Een archieftoegang geeft uitgebreide informatie over een bepaald archief.

Een archieftoegang bestaat over het algemeen uit de navolgende onderdelen:

• Kenmerken van het archief
• Inleiding op het archief
• Inventaris of plaatsingslijst
• Eventueel bijlagen

De kenmerken van het archief zijn o.m. de omvang, vindplaats, beschikbaarheid, openbaarheid en andere.

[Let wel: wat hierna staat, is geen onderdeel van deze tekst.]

Lemma psum_leq_sumn i : psum alpha i <= sumn alpha.
Proof.
case: (leqP i (size alpha)) => [/leq_psum|/ltnW hi]; first by rewrite /psum take_size.
by rewrite /psum take_oversize.
Qed.

Lemma in_block_lt_sumn i j : in_block alpha i j -> j < sumn alpha.
Proof. by case/andP=> _ /leq_trans; apply; apply: psum_leq_sumn. Qed.

Lemma in_block_eq i i' j : in_block alpha i j -> in_block alpha i' j -> i = i'.
Proof.
have gap k k' : k < k' -> in_block alpha k j -> in_block alpha k' j -> False.
  by move=> /leq_psum le /andP[_ jk] /andP[kj _]; have := leq_trans le kj; lia.
move=> bi bi'; case: (ltngtP i i') => // lt.
- by case: (gap _ _ lt bi bi').
- by case: (gap _ _ lt bi' bi).
Qed.

Lemma has_block j : j < sumn alpha -> has (in_block alpha ^~ j) (iota 0 (size alpha)).
Proof.
move=> jN; apply/negPn/negP=> /hasPn none.
suff: psum alpha (size alpha) <= j by rewrite /psum take_size leqNgt jN.
elim: {1 3}(size alpha) (leqnn (size alpha)) => [|i IH] ilt; first by rewrite /psum take0.
have := none i; rewrite mem_iota /= /in_block IH ?(ltnW ilt) //= -leqNgt; exact.
Qed.

Lemma blk_lt_size j : j < sumn alpha -> blk alpha j < size alpha.
Proof. by move/has_block; rewrite has_find size_iota. Qed.

Lemma in_block_blk j : j < sumn alpha -> in_block alpha (blk alpha j) j.
Proof.
move=> jN; have := nth_find 0 (has_block jN).
by rewrite nth_iota ?add0n // blk_lt_size.
Qed.

Lemma blkE i j : in_block alpha i j -> blk alpha j = i.
Proof. by move=> bi; apply: in_block_eq (in_block_blk (in_block_lt_sumn bi)) bi. Qed.

Lemma leq_blk j j' : j <= j' -> j' < sumn alpha -> blk alpha j <= blk alpha j'.
Proof.
move=> jj' j'N; have /andP[j_ge _] := in_block_blk (leq_ltn_trans jj' j'N).
have /andP[_ j'_lt] := in_block_blk j'N.
rewrite leqNgt; apply/negP=> /leq_psum; lia.
Qed.

Lemma in_block_psum i : all (fun a => 0 < a) alpha -> i < size alpha ->
  in_block alpha i (psum alpha i).
Proof.
move=> /allP pos isz.
by rewrite /in_block leqnn psumS -[X in X < _]addn0 ltn_add2l pos ?mem_nth.
Qed.

Lemma card_ord_interval n a b : b <= n -> #|[set j : 'I_n | a <= j < b]| = b - a.
Proof.
move=> bn; rewrite cardsE cardE /enum_mem size_filter -enumT /=.
rewrite -(count_map val (fun j => a <= j < b)) val_enum_ord -[in RHS](minn_idPl bn).
elim: n {bn} => [|m IH]; first by rewrite minn0.
rewrite -addn1 iotaD count_cat IH /= add0n addn0.
by case: (leqP a m); case: (ltnP m b) => /=; lia.
Qed.

Lemma card_block i : #|[set j : 'I_(sumn alpha) | in_block alpha i j]| = nth 0 alpha i.
Proof. by rewrite card_ord_interval ?psum_leq_sumn // psumS addKn. Qed.

End Blocks.

Lemma wordE n (s : {perm 'I_n}) (j : 'I_n) : word s j = s j.
Proof. by rewrite /word (nth_map j) ?size_enum_ord // nth_ord_enum. Qed.

Section Unimodal.
Variables (alpha : seq nat) (s : {perm 'I_(sumn alpha)}).

Lemma unimodal_block_incr i :
  unimodal_block alpha s i ->
  (forall j, psum alpha i < j < psum alpha i.+1 -> word s (psum alpha i) < word s j) ->
  {in [pred j | in_block alpha i j] &, {homo word s : p q / p < q}}.
Proof.
case=> k [ak ke dec inc] head_min.
have ka : k = psum alpha i.
  apply/eqP; rewrite eqn_leq ak andbT leqNgt; apply/negP=> lt.
  have := dec _ (leqnn _) lt; rewrite ltnNge => /negP; apply; apply/ltnW/head_min.
  by rewrite ltnSn (leq_ltn_trans lt).
apply: homo_ltn_in => [y x z|p q|j]; first exact: ltn_trans.
  by move=> + + r; rewrite !inE /in_block; lia.
by rewrite !inE /in_block -ka => /andP[kj _] /andP[_ j_lt]; apply: inc kj j_lt.
Qed.

Lemma blockwise_incr_unimodal : all (fun a => 0 < a) alpha ->
  (forall p q : 'I_(sumn alpha), blk alpha p = blk alpha q -> p < q -> s p < s q) ->
  alpha_unimodal alpha s.
Proof.
move=> pos incr i isz; have /andP[_ head_lt] := in_block_psum pos isz.
exists (psum alpha i); split => // [j ? ?|j aj j_lt]; first by lia.
have jN1 : j.+1 < sumn alpha by apply: leq_trans j_lt (psum_leq_sumn _ _).
have jN : j < sumn alpha by apply: ltnW.
have bj : in_block alpha i j by rewrite /in_block aj ltnW.
have bj1 : in_block alpha i j.+1 by rewrite /in_block j_lt (leq_trans aj).
rewrite -[j]/(Ordinal jN : nat) -[j.+1]/(Ordinal jN1 : nat) !wordE.
by apply: incr; rewrite //= (blkE bj) (blkE bj1).
Qed.

End Unimodal.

De inleiding op het archief bevat interessante informatie over de geschiedenis van het archief, achtergronden van de archiefvormer en kan ook aanwijzingen voor het gebruik bevatten.

De inventaris of plaatsingslijst is een hiërarchisch opgebouwd overzicht van beschreven archiefstukken. De beschrijvingen zijn formeel en globaal. Het lezen en begrijpen van een inventaris behoeft enige oefening en ervaring.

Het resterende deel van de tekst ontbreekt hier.